# Sundown Crashhh! GOPRO



## ShredLife (Feb 6, 2010)

quit posting this video of you sliding out on your heel edge. you fucking pussy

there is nothing to see here. that is not a crash


fuck off


----------



## K2RiderMark (Jan 15, 2012)

Chilllllll, its for a contest in my hometown. If u dont wanna help then dont.


----------



## Milo303 (Apr 6, 2009)

You entered this into a wipeout contest??

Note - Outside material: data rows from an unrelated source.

(* On each of the two charts of $\mathbb OP^{(1,1)}$, with coordinates $(u,v)\in\mathbb O^2$ satisfying $1+|u|^2-|v|^2>0$, the symmetric bilinear form whose quadratic form on tangent vectors $(du,dv)=(\xi,\eta)$ is $$ds^2=\frac{|\xi|^2(1-|v|^2)-|\eta|^2(1+|u|^2)+2\mathrm{Re}\big[(u\bar v)(\eta\bar\xi)\big]}{(1+|u|^2-|v|^2)^2}$$ defines a non-degenerate metric on $\mathbb OP^{(1,1)}$ of signature $(8,8)$.
   Context: Octonions $\mathbb O=\mathbb H\oplus\mathbb H$ with product $(q_1,q_2)(p_1,p_2)=(q_1p_1-\bar p_2q_2,\ p_2q_1+q_2\bar p_1)$, conjugation $\overline{(q_1,q_2)}=(\bar q_1,-q_2)$, $\langle a,b\rangle=\mathrm{Re}(a\bar b)$, $|a|^2=\langle a,a\rangle$ (positive definite). Let $U_1=\{(1,u,v)\in\mathbb O^3:1+|u|^2-|v|^2>0\}$, $U_2=\{(u,1,v)\in\mathbb O^3:|u|^2+1-|v|^2>0\}$, and on $U_1\cup U_2$ let $[a,b,c]\sim[d,e,f]$ iff $(a,b,c)=(d\lambda,e\lambda,f\lambda)$ for some $\lambda\in\mathbb O\setminus\{0\}$. The indefinite octonionic projective plane is $\mathbb OP^{(1,1)}=(U_1\cup U_2)/_\sim$, with charts $[1,u,v]\mapsto(u,v)$ and $[u,1,v]\mapsto(u,v)$. *)

From HB Require Import structures.
From mathcomp Require Import all_boot all_order all_algebra.
From mathcomp Require Import all_classical all_reals all_analysis.
Set Implicit Arguments. Unset Strict Implicit. Unset Printing Implicit Defensive.
Import Order.TTheory GRing.Theory Num.Theory.
Local Open Scope ring_scope.

Section Octonions.
Variable R : realType.

Record quat := Quat { qr : R; qi : R; qj : R; qk : R }.

Definition qadd (a b : quat) : quat :=
  Quat (qr a + qr b) (qi a + qi b) (qj a + qj b) (qk a + qk b).
Definition qopp (a : quat) : quat := Quat (- qr a) (- qi a) (- qj a) (- qk a).
Definition qscale (c : R) (a : quat) : quat :=
  Quat (c * qr a) (c * qi a) (c * qj a) (c * qk a).
Definition qmul (a b : quat) : quat :=
  Quat (qr a * qr b - qi a * qi b - qj a * qj b - qk a * qk b)
       (qr a * qi b + qi a * qr b + qj a * qk b - qk a * qj b)
       (qr a * qj b - qi a * qk b + qj a * qr b + qk a * qi b)
       (qr a * qk b + qi a * qj b - qj a * qi b + qk a * qr b).
Definition qconj (a : quat) : quat := Quat (qr a) (- qi a) (- qj a) (- qk a).

(** Octonions O = H (+) H (Cayley-Dickson), as in the paper:
    (q1,q2)(p1,p2) = (q1 p1 - conj(p2) q2, p2 q1 + q2 conj(p1)),
    conj(q1,q2) = (conj q1, - q2). *)
Record oct := Oct { ofst : quat; osnd : quat }.

Definition oadd (x y : oct) : oct := Oct (qadd (ofst x) (ofst y)) (qadd (osnd x) (osnd y)).
Definition oscale (c : R) (x : oct) : oct := Oct (qscale c (ofst x)) (qscale c (osnd x)).
Definition omul (x y : oct) : oct :=
  Oct (qadd (qmul (ofst x) (ofst y)) (qopp (qmul (qconj (osnd y)) (osnd x))))
      (qadd (qmul (osnd y) (ofst x)) (qmul (osnd x) (qconj (ofst y)))).
Definition oconj (x : oct) : oct := Oct (qconj (ofst x)) (qopp (osnd x)).
Definition ozero : oct := Oct (Quat 0 0 0 0) (Quat 0 0 0 0).
Definition oone : oct := Oct (Quat 1 0 0 0) (Quat 0 0 0 0).

Definition ore (x : oct) : R := qr (ofst x).
Definition oinner (a b : oct) : R := ore (omul a (oconj b)).
Definition onorm2 (a : oct) : R := oinner a a.

Definition ocoord (x : oct) (k : 'I_8) : R :=
  nth 0 [:: qr (ofst x); qi (ofst x); qj (ofst x); qk (ofst x);
            qr (osnd x); qi (osnd x); qj (osnd x); qk (osnd x)] k.
Definition oct_of_fun (f : nat -> R) : oct :=
  Oct (Quat (f 0%N) (f 1%N) (f 2%N) (f 3%N)) (Quat (f 4%N) (f 5%N) (f 6%N) (f 7%N)).

(** Chart coordinates (u,v) in O^2 and tangent vectors (xi,eta) in O^2. *)
Definition tadd (x y : oct * oct) : oct * oct := (oadd x.1 y.1, oadd x.2 y.2).
Definition tscale (c : R) (x : oct * oct) : oct * oct := (oscale c x.1, oscale c x.2).
Definition tzero : oct * oct := (ozero, ozero).
Definition tan_of_row (w : 'rV[R]_16) : oct * oct :=
  (oct_of_fun (fun k => w 0 (inord k)), oct_of_fun (fun k => w 0 (inord (8 + k)))).

(** Domain of a chart: 1 + |u|^2 - |v|^2 > 0 (the same condition,
    |u|^2 + 1 - |v|^2 > 0, for the second chart). *)
Definition chart_dom (p : oct * oct) : Prop := 0 < 1 + onorm2 p.1 - onorm2 p.2.

Definition ds2 (p : oct * oct) (t : oct * oct) : R :=
  let u := p.1 in let v := p.2 in let xi := t.1 in let eta := t.2 in
  (onorm2 xi * (1 - onorm2 v) - onorm2 eta * (1 + onorm2 u)
     + 2 * ore (omul (omul u (oconj v)) (omul eta (oconj xi))))
  / (1 + onorm2 u - onorm2 v) ^+ 2.

Definition dsB (p : oct * oct) (x y : oct * oct) : R :=
  (ds2 p (tadd x y) - ds2 p x - ds2 p y) / 2.

Definition gram (p : oct * oct) : 'M[R]_16 :=
  \matrix_(i, j) dsB p (tan_of_row (row i 1%:M)) (tan_of_row (row j 1%:M)).

(** Points of the two charts: [1,u,v] and [u,1,v] in O^3, and the relation
    [a,b,c] ~ [d,e,f] iff (a,b,c) = (d l, e l, f l) for some l <> 0. *)
Definition oequiv (a b c d e f : oct) : Prop :=
  exists l : oct, l <> ozero /\ a = omul d l /\ b = omul e l /\ c = omul f l.

Definition curve_deriv0 (gamma : R -> oct * oct) (dg : oct * oct) : Prop :=
  forall k : 'I_8,
    is_derive (0 : R) (1 : R) (fun t => ocoord (gamma t).1 k) (ocoord dg.1 k) /\
    is_derive (0 : R) (1 : R) (fun t => ocoord (gamma t).2 k) (ocoord dg.2 k).

End Octonions.

(** Sylvester: a (symmetric) matrix G of size p+q has signature (p,q) iff
    it is congruent to diag(1,...,1,-1,...,-1) (p plus signs, q minus signs). *)
Definition has_signature (R : realType) (p q : nat) (G : 'M[R]_(p + q)) : Prop :=
  exists P : 'M[R]_(p + q),
    P \in unitmx /\ P^T *m G *m P = block_mx 1%:M 0 0 (- 1%:M).
Arguments has_signature {R} p q G.

(* Write al = 1 - |v|^2, be = 1 + |u|^2, a = u conj(v) and D = 1 + |u|^2 - |v|^2.
   The numerator of ds^2 is the quadratic form of N(x, y) = <M x, y>, where
   M (xi, eta) = (al xi + a eta, conj(a) xi - be eta), and the denominator is D^2,
   with D = al be + |a|^2 > 0.  Since be (M x).1 + a (M x).2 = D xi, M is
   injective, and N(x, M x) = |M x|^2 gives non-degeneracy.  The vectors
   (s e_k, (s / be) conj(a) e_k), s = sqrt(be D), and (0, (D / sqrt be) e_k) form
   an N-orthogonal frame on which N takes the values D^2 and -D^2: signature (8,8).
   On the overlap of the charts [1,u,v] = [u',1,v'] means u' = conj(u) / |u|^2 and
   v' = v conj(u) / |u|^2; differentiating along a curve and using the alternative
   laws (x y) conj(y) = |y|^2 x and conj(x) (x y) = |x|^2 y turns the ds^2 of the
   second chart into that of the first. *)

From HB Require Import structures.
From mathcomp Require Import all_boot all_order all_algebra.
From mathcomp Require Import all_classical all_reals all_analysis.
From mathcomp Require Import ring.
Import Order.TTheory GRing.Theory Num.Theory.
Import numFieldNormedType.Exports.
Local Open Scope ring_scope.

Ltac oct_unfold :=
  cbv beta iota delta [onorm2 oinner ore omul oconj oadd oscale qadd qmul qopp
                       qconj qscale qr qi qj qk ofst osnd oone ozero].
Ltac oct_case x := case: x => [[? ? ? ?] [? ? ? ?]].
Ltac oct_eq := oct_unfold; congr (Oct (Quat _ _ _ _) (Quat _ _ _ _)); ring.

Section OctonionAlgebra.
Context {R : realType}.
Local Notation oct := (oct R).
Implicit Types (u v w x y z : oct) (c : R).

Lemma onorm2E (a b c d e f g h : R) :
  onorm2 (Oct (Quat a b c d) (Quat e f g h)) =
  a ^+ 2 + b ^+ 2 + c ^+ 2 + d ^+ 2 + e ^+ 2 + f ^+ 2 + g ^+ 2 + h ^+ 2.
Proof. oct_unfold; ring. Qed.

Lemma onorm2_ge0 x : 0 <= onorm2 x.
Proof. by oct_case x; rewrite onorm2E; do ! apply: addr_ge0; exact: sqr_ge0. Qed.

Lemma onorm2_eq0 x : onorm2 x = 0 -> x = ozero R.
Proof.
oct_case x; rewrite onorm2E => /eqP.
rewrite !paddr_eq0 ?(addr_ge0, sqr_ge0) // !sqrf_eq0.
by do 7 case/andP => + /eqP ->; move/eqP ->.
Qed.

Lemma onorm2_mul u v : onorm2 (omul u v) = onorm2 u * onorm2 v.
Proof. by oct_case u; oct_case v; oct_unfold; ring. Qed.

Lemma onorm2_conj x : onorm2 (oconj x) = onorm2 x.
Proof. by oct_case x; oct_unfold; ring. Qed.

Lemma onorm2_scale c x : onorm2 (oscale c x) = c ^+ 2 * onorm2 x.
Proof. by oct_case x; oct_unfold; ring. Qed.

Lemma onorm2D x y : onorm2 (oadd x y) = onorm2 x + onorm2 y + 2 * oinner x y.
Proof. by oct_case x; oct_case y; oct_unfold; ring. Qed.

Lemma oinnerC x y : oinner x y = oinner y x.
Proof. by oct_case x; oct_case y; oct_unfold; ring. Qed.

Lemma oinner_conj x y : oinner (oconj x) (oconj y) = oinner x y.
Proof. by oct_case x; oct_case y; oct_unfold; ring. Qed.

Wow, you're that douche.... That's an iowa crash, it's not legit.


----------



## HoboMaster (May 16, 2010)

I took care of it


----------



## BoredPanda (Feb 24, 2011)

Snowolf said:


> Sometimes I think the worst thing to ever come to skiing and snowboarding was the Go pro....:dunno:


ehhh people have released some cool vids with it, so I can't hate, but....i know where you're coming from.


----------



## Memphis Hawk (Dec 26, 2011)

I sit down often as well when I snowboard.


----------



## snoeboarder (Sep 19, 2008)

ContourHD.


----------



## Snownad (Oct 17, 2011)

lolol. GNARLY WIPEOUT BRAH!


----------



## fattrav (Feb 21, 2009)

ZOMG!!!! Didn't even watch it, but was all like, FARRRRRRK WOW HARD FUCKEN CORE!!!! Then I threw a back three nipple tweak and was alll GNARRRRRRRRSH.


----------